ClinVar

Description

The c.2373dupG pathogenic mutation, located in coding exon 24 of the MYBPC3 gene, results from a duplication of G at nucleotide position 2373, causing a translational frameshift with a predicted alternate stop codon (p.W792Vfs*41). This mutation has been identified in multiple unrelated individuals with hypertrophic cardiomyopathy (HCM), reported to co-segregate with disease in several families, and is published as a Dutch founder mutation (Niimura et al. N Engl J Med. 1998;338(18):1248-57 (reported as InsG791); Alders et al. Eur Heart J. 2003;24(20):1848-53; Christiaans et al. Neth Heart J. 2010;18(5):248-54 (reported as 2373_2374insG)). In the homozygous state, this mutation has been reported in a patient with neonatal lethal cardiomyopathy (Wessels MW et al. Eur. J. Hum. Genet., 2015 Jul;23:922-8). In addition, multiple functional studies have reported this mutation to result in loss of function (Moolman et al. Circulation. 2000;101(12):1396-402; van Dijk et al.
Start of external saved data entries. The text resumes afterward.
Lemma tab_classes_at (a : 'I_84) : [/\ tab_vertex a < 7, tab_edge a < 21,
  forall i, i \in [:: 1; 2] ->
    tab_vertex (tab_step i a) = tab_vertex a /\ (tab_vertex a != 0 -> tab_volt i a = 0%R),
  forall i, i \in [:: 0; 2] ->
    tab_edge (tab_step i a) = tab_edge a /\
    edge_pot (tab_step i a) = (edge_pot a + tab_volt i a)%R &
  forall i, i \in [:: 0; 1] -> tab_face (tab_step i a) = tab_face a /\
    (tab_face a != branch_face -> face_pot (tab_step i a) = (face_pot a + tab_volt i a)%R)].
Proof.
case/and5P: (all_iotaP tab_classesP a) => -> -> /allP vP /allP eP /allP fP; split=> // i i_in.
- by case/andP: (vP i i_in) => /eqP-> /implyP v0; split=> // /v0/eqP.
- by case/andP: (eP i i_in) => /eqP-> /eqP->.
- by case/andP: (fP i i_in) => /eqP-> /implyP f0; split=> // /f0/eqP.
Qed.

Lemma tab_face_lt (a : 'I_84) : tab_face a < 14.
Proof. by rewrite /tab_face ltn_divLR. Qed.

Lemma val_k7_vertex a : k7_vertex a = tab_vertex a :> nat.
Proof. by rewrite inordK //; case: (tab_classes_at a). Qed.
Lemma val_k7_edge a : k7_edge a = tab_edge a :> nat.
Proof. by rewrite inordK //; case: (tab_classes_at a). Qed.
Lemma val_k7_face a : k7_face a = tab_face a :> nat.
Proof. by rewrite inordK // tab_face_lt. Qed.

Lemma k7_vertex_step i a : i \in [:: 1; 2] -> k7_vertex (k7_step i a) = k7_vertex a.
Proof.
by move=> i_in; rewrite /k7_vertex val_k7_step; case: (tab_classes_at a) => _ _ /(_ i i_in) [->].
Qed.

Lemma k7_volt_rim i a : i \in [:: 1; 2] -> k7_vertex a != hub -> k7_volt i a = 0%R.
Proof.
move=> i_in; rewrite -val_eqE /= val_k7_vertex.
by case: (tab_classes_at a) => _ _ /(_ i i_in) [_].
Qed.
Circulation. 2009;119(11):1473-83; Marston S et al. J Muscle Res Cell Motil. 2012;33(1):75-80; Wijnker PJ et al. J. Mol. Cell. Cardiol., 2016 Aug;97:82-92 (reported as 2373_2374insG)). This alteration is expected to result in loss of function by premature protein truncation or nonsense-mediated mRNA decay. As such, this alteration is interpreted as a disease-causing mutation.